Collected data
----

(* Let $S$ be an inverse semigroup, let $\alpha$ be an automorphism of $S$, and define $\psi : S\to S$ by $x\psi = x^{-1}\cdot (x\alpha)$ for all $x\in S$. Then: (1) If $\mathrm{Fix}(\alpha) = E(S)$, then $\psi$ is injective. (2) If $\psi$ is injective, then $\mathrm{Fix}(\alpha)\subseteq E(S)$.
   Context: In an inverse semigroup $S$, $x^{-1}$ denotes the unique inverse of $x$ (the unique element with $xx^{-1}x=x$ and $x^{-1}xx^{-1}=x^{-1}$). $E(S)$ is the set of idempotents of $S$; for an automorphism $\alpha$ of $S$ (written on the right, $x\mapsto x\alpha$), $\mathrm{Fix}(\alpha) = \{x\in S \mid x\alpha = x\}$. *)

From Stdlib Require Import Setoid.

Record InverseSemigroup := {
  carrier :> Type;
  smul : carrier -> carrier -> carrier;
  sinv : carrier -> carrier;
  smul_assoc : forall x y z, smul x (smul y z) = smul (smul x y) z;
  sinv_l : forall x, smul (smul x (sinv x)) x = x;
  sinv_r : forall x, smul (smul (sinv x) x) (sinv x) = sinv x;
  sinv_unique : forall x y, smul (smul x y) x = x -> smul (smul y x) y = y -> y = sinv x
}.

Arguments smul {i} _ _.
Arguments sinv {i} _.

Definition is_idempotent {S : InverseSemigroup} (e : S) : Prop := smul e e = e.

Definition is_automorphism {S : InverseSemigroup} (a : S -> S) : Prop :=
  (forall x y, a (smul x y) = smul (a x) (a y)) /\
  (forall x y, a x = a y -> x = y) /\
  (forall y, exists x, a x = y).

Definition is_fixed {S : InverseSemigroup} (a : S -> S) (x : S) : Prop := a x = x.

Definition psi {S : InverseSemigroup} (a : S -> S) (x : S) : S := smul (sinv x) (a x).


(* We first develop the basic algebra of an inverse semigroup S: inverses are
   involutive, idempotents are self-inverse, idempotents commute (the classical
   core fact), and hence (uv)^-1 = v^-1 u^-1.  For a multiplicative map
   alpha : S -> S we then show that alpha preserves inverses, and study
   psi(x) = x^-1 (x alpha).
   (2) If x is fixed by alpha then psi(x) = x^-1 x = psi(x^-1 x); so an
       injective psi forces x = x^-1 x, which is idempotent.
   (1) If alpha fixes every idempotent, then x alpha = x psi(x) and
       psi(x) psi(x)^-1 = x^-1 x.  Consequently psi(x) = psi(y) makes
       e = x y^-1 a fixed point of alpha, hence an idempotent when
       Fix(alpha) is contained in E(S).  Since also x^-1 x = y^-1 y and
       e = e^-1 = y x^-1, we get x = e y and y = e x, whence
       x = e e x = e x = y. *)

Section InverseSemigroupTheory.
Variable S : InverseSemigroup.
Local Notation "x ** y" := (@smul S x y) (at level 40, left associativity).
Local Notation "x ^-" := (@sinv S x) (at level 20).

Local Ltac reassoc := rewrite ?smul_assoc; reflexivity.

Lemma inv_inv (x : S) : (x ^-) ^- = x.
Proof. symmetry. apply sinv_unique; [apply sinv_r | apply sinv_l]. Qed.

Lemma idempotent_inv (e : S) : is_idempotent e -> e ^- = e.
Proof. intro He. symmetry. apply sinv_unique; rewrite He; exact He. Qed.

Lemma idempotent_mul_inv (x : S) : is_idempotent (x ** x ^-).
Proof. unfold is_idempotent. rewrite smul_assoc, sinv_l. reflexivity. Qed.

Lemma idempotent_inv_mul (x : S) : is_idempotent (x ^- ** x).
Proof. unfold is_idempotent. rewrite smul_assoc, sinv_r. reflexivity. Qed.

(* Idempotents are closed under products: with z = (ef)^-1, the element f z e
   is another inverse of ef, so z = f z e, which makes z (hence ef = z^-1)
   idempotent. *)
Lemma idempotent_mul (e f : S) :
  is_idempotent e -> is_idempotent f -> is_idempotent (e ** f).
Proof.
  unfold is_idempotent. intros He Hf.
  set (z := (e ** f) ^-).
  assert (Hzz : z ** (e ** f) ** z = z) by apply sinv_r.
  assert (Hz : f ** z ** e = z).
  { apply sinv_unique.
    - replace (e ** f ** (f ** z ** e) ** (e ** f))
        with (e ** (f ** f) ** z ** (e ** e) ** f) by reassoc.
      rewrite He, Hf.
      replace (e ** f ** z ** e ** f) with (e ** f ** z ** (e ** f)) by reassoc.
      apply sinv_l.
    - replace (f ** z ** e ** (e ** f) ** (f ** z ** e))
        with (f ** (z ** (e ** e ** (f ** f)) ** z) ** e) by reassoc.
      rewrite He, Hf, Hzz. reflexivity. }
  assert (Hz_idem : z ** z = z).
  { rewrite <- Hz at 1 2.
    replace (f ** z ** e ** (f ** z ** e)) with (f ** (z ** (e ** f) ** z) ** e)
      by reassoc.
    rewrite Hzz. exact Hz. }
  replace (e ** f) with (z ^-) by apply inv_inv.
  rewrite (idempotent_inv z Hz_idem). exact Hz_idem.
Qed.

(* Idempotents commute: f e is an inverse of the idempotent e f, which is its
   own unique inverse. *)
Lemma idempotent_comm (e f : S) :
  is_idempotent e -> is_idempotent f -> e ** f = f ** e.
Proof.
  intros He Hf.
  assert (Hef := idempotent_mul e f He Hf).
  assert (Hfe := idempotent_mul f e Hf He).
  unfold is_idempotent in *.
  rewrite <- (idempotent_inv (e ** f) Hef).
  symmetry. apply sinv_unique.
  - replace (e ** f ** (f ** e) ** (e ** f)) with (e ** (f ** f) ** (e ** e) ** f)
      by reassoc.
    rewrite He, Hf, <- smul_assoc. exact Hef.
  - replace (f ** e ** (e ** f) ** (f ** e)) with (f ** (e ** e) ** (f ** f) ** e)
      by reassoc.
    rewrite He, Hf, <- smul_assoc. exact Hfe.
Qed.

Lemma inv_mul (u v : S) : (u ** v) ^- = v ^- ** u ^-.
Proof.
  assert (Hcomm : v ** v ^- ** (u ^- ** u) = u ^- ** u ** (v ** v ^-))
    by (apply idempotent_comm; [apply idempotent_mul_inv | apply idempotent_inv_mul]).
  symmetry. apply sinv_unique.
  - replace (u ** v ** (v ^- ** u ^-) ** (u ** v))
      with (u ** (v ** v ^- ** (u ^- ** u)) ** v) by reassoc.
    rewrite Hcomm.
    replace (u ** (u ^- ** u ** (v ** v ^-)) ** v)
      with (u ** u ^- ** u ** (v ** v ^- ** v)) by reassoc.
    rewrite !sinv_l. reflexivity.
  - replace (v ^- ** u ^- ** (u ** v) ** (v ^- ** u ^-))
      with (v ^- ** (u ^- ** u ** (v ** v ^-)) ** u ^-) by reassoc.
    rewrite <- Hcomm.
    replace (v ^- ** (v ** v ^- ** (u ^- ** u)) ** u ^-)
      with (v ^- ** v ** v ^- ** (u ^- ** u ** u ^-)) by reassoc.
    rewrite !sinv_r. reflexivity.
Qed.

Section Psi.
Variable alpha : S -> S.
Hypothesis alpha_mul : forall x y : S, alpha (x ** y) = alpha x ** alpha y.

Lemma alpha_inv (x : S) : alpha (x ^-) = (alpha x) ^-.
Proof.
  apply sinv_unique; rewrite <- !alpha_mul;
    [rewrite sinv_l | rewrite sinv_r]; reflexivity.
Qed.

(* On a fixed point x, psi x = x^-1 x, and x^-1 x is again fixed, so psi takes
   the same value on x and on x^-1 x. *)
Lemma psi_fixed (x : S) :
  is_fixed alpha x -> psi alpha x = psi alpha (x ^- ** x).
Proof.
  unfold is_fixed, psi. intro Hx.
  rewrite alpha_mul, alpha_inv, Hx, (idempotent_inv _ (idempotent_inv_mul x)).
  symmetry. apply idempotent_inv_mul.
Qed.

Lemma fixed_idempotent_of_psi_injective :
  (forall x y : S, psi alpha x = psi alpha y -> x = y) ->
  forall x : S, is_fixed alpha x -> is_idempotent x.
Proof.
  intros Hinj x Hx.
  rewrite (Hinj x (x ^- ** x) (psi_fixed x Hx)).
  apply idempotent_inv_mul.
Qed.

Section FixesIdempotents.
Hypothesis alpha_fixes_idempotents :
  forall e : S, is_idempotent e -> is_fixed alpha e.

(* Since alpha fixes x x^-1, we have x alpha = x psi(x). *)
Lemma alpha_eq_mul_psi (x : S) : alpha x = x ** psi alpha x.
Proof.
  unfold psi.
  rewrite smul_assoc, <- (alpha_fixes_idempotents _ (idempotent_mul_inv x)).
  rewrite <- alpha_mul, sinv_l. reflexivity.
Qed.

Lemma psi_mul_inv (x : S) : psi alpha x ** (psi alpha x) ^- = x ^- ** x.
Proof.
  unfold psi. rewrite inv_mul, inv_inv, <- alpha_inv.
  replace (x ^- ** alpha x ** (alpha (x ^-) ** x))
    with (x ^- ** alpha (x ** x ^-) ** x) by (rewrite alpha_mul; reassoc).
  rewrite (alpha_fixes_idempotents _ (idempotent_mul_inv x)).
  rewrite smul_assoc, sinv_r. reflexivity.
Qed.

(* If psi(x) = psi(y) = p, then (x y^-1) alpha = x p p^-1 y^-1
   = x y^-1 y y^-1 = x y^-1. *)
Lemma psi_eq_fixed (x y : S) :
  psi alpha x = psi alpha y -> is_fixed alpha (x ** y ^-).
Proof.
  unfold is_fixed. intro Hpsi.
  rewrite alpha_mul, alpha_inv, (alpha_eq_mul_psi x), (alpha_eq_mul_psi y), Hpsi.
  rewrite inv_mul.
  replace (x ** psi alpha y ** ((psi alpha y) ^- ** y ^-))
    with (x ** (psi alpha y ** (psi alpha y) ^-) ** y ^-) by reassoc.
  rewrite psi_mul_inv.
  replace (x ** (y ^- ** y) ** y ^-) with (x ** (y ^- ** y ** y ^-)) by reassoc.
  rewrite sinv_r. reflexivity.
Qed.

Lemma psi_injective :
  (forall x : S, is_fixed alpha x -> is_idempotent x) ->
  forall x y : S, psi alpha x = psi alpha y -> x = y.
Proof.
  intros Hfixed x y Hpsi.
  assert (He : is_idempotent (x ** y ^-)) by apply Hfixed, psi_eq_fixed, Hpsi.
  assert (Hsym : y ** x ^- = x ** y ^-).
  { rewrite <- (idempotent_inv _ He), inv_mul, inv_inv. reflexivity. }
  assert (Hsupp : x ^- ** x = y ^- ** y) by (rewrite <- !psi_mul_inv, Hpsi; reflexivity).
  assert (Hx : x = x ** y ^- ** y).
  { rewrite <- smul_assoc, <- Hsupp, smul_assoc, sinv_l. reflexivity. }
  assert (Hy : y = x ** y ^- ** x).
  { rewrite <- Hsym, <- smul_assoc, Hsupp, smul_assoc, sinv_l. reflexivity. }
  unfold is_idempotent in He.
  transitivity (x ** y ^- ** (x ** y ^- ** x)).
  - rewrite <- Hy. exact Hx.
  - rewrite smul_assoc, He. symmetry. exact Hy.
Qed.

End FixesIdempotents.
End Psi.
End InverseSemigroupTheory.

Theorem lemma2p1 (S : InverseSemigroup) (alpha : S -> S)
  (Halpha : is_automorphism alpha) :
  ((forall x : S, is_fixed alpha x <-> is_idempotent x) ->
     forall x y : S, psi alpha x = psi alpha y -> x = y) /\
  ((forall x y : S, psi alpha x = psi alpha y -> x = y) ->
     forall x : S, is_fixed alpha x -> is_idempotent x).
Proof.
  destruct Halpha as [alpha_mul _].
  split.
  - intro Hfix. apply psi_injective; [exact alpha_mul | |]; apply Hfix.
  - apply fixed_idempotent_of_psi_injective, alpha_mul.
Qed.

----

YOUR TASK — Please reproduce exactly the lines from the first one of the records above through the line containing "core fact), and", both included, and nothing else.

TASK ANSWER —
(* Let $S$ be an inverse semigroup, let $\alpha$ be an automorphism of $S$, and define $\psi : S\to S$ by $x\psi = x^{-1}\cdot (x\alpha)$ for all $x\in S$. Then: (1) If $\mathrm{Fix}(\alpha) = E(S)$, then $\psi$ is injective. (2) If $\psi$ is injective, then $\mathrm{Fix}(\alpha)\subseteq E(S)$.
   Context: In an inverse semigroup $S$, $x^{-1}$ denotes the unique inverse of $x$ (the unique element with $xx^{-1}x=x$ and $x^{-1}xx^{-1}=x^{-1}$). $E(S)$ is the set of idempotents of $S$; for an automorphism $\alpha$ of $S$ (written on the right, $x\mapsto x\alpha$), $\mathrm{Fix}(\alpha) = \{x\in S \mid x\alpha = x\}$. *)

From Stdlib Require Import Setoid.

Record InverseSemigroup := {
  carrier :> Type;
  smul : carrier -> carrier -> carrier;
  sinv : carrier -> carrier;
  smul_assoc : forall x y z, smul x (smul y z) = smul (smul x y) z;
  sinv_l : forall x, smul (smul x (sinv x)) x = x;
  sinv_r : forall x, smul (smul (sinv x) x) (sinv x) = sinv x;
  sinv_unique : forall x y, smul (smul x y) x = x -> smul (smul y x) y = y -> y = sinv x
}.

Arguments smul {i} _ _.
Arguments sinv {i} _.

Definition is_idempotent {S : InverseSemigroup} (e : S) : Prop := smul e e = e.

Definition is_automorphism {S : InverseSemigroup} (a : S -> S) : Prop :=
  (forall x y, a (smul x y) = smul (a x) (a y)) /\
  (forall x y, a x = a y -> x = y) /\
  (forall y, exists x, a x = y).

Definition is_fixed {S : InverseSemigroup} (a : S -> S) (x : S) : Prop := a x = x.

Definition psi {S : InverseSemigroup} (a : S -> S) (x : S) : S := smul (sinv x) (a x).


(* We first develop the basic algebra of an inverse semigroup S: inverses are
   involutive, idempotents are self-inverse, idempotents commute (the classical
   core fact), and hence (uv)^-1 = v^-1 u^-1.  For a multiplicative map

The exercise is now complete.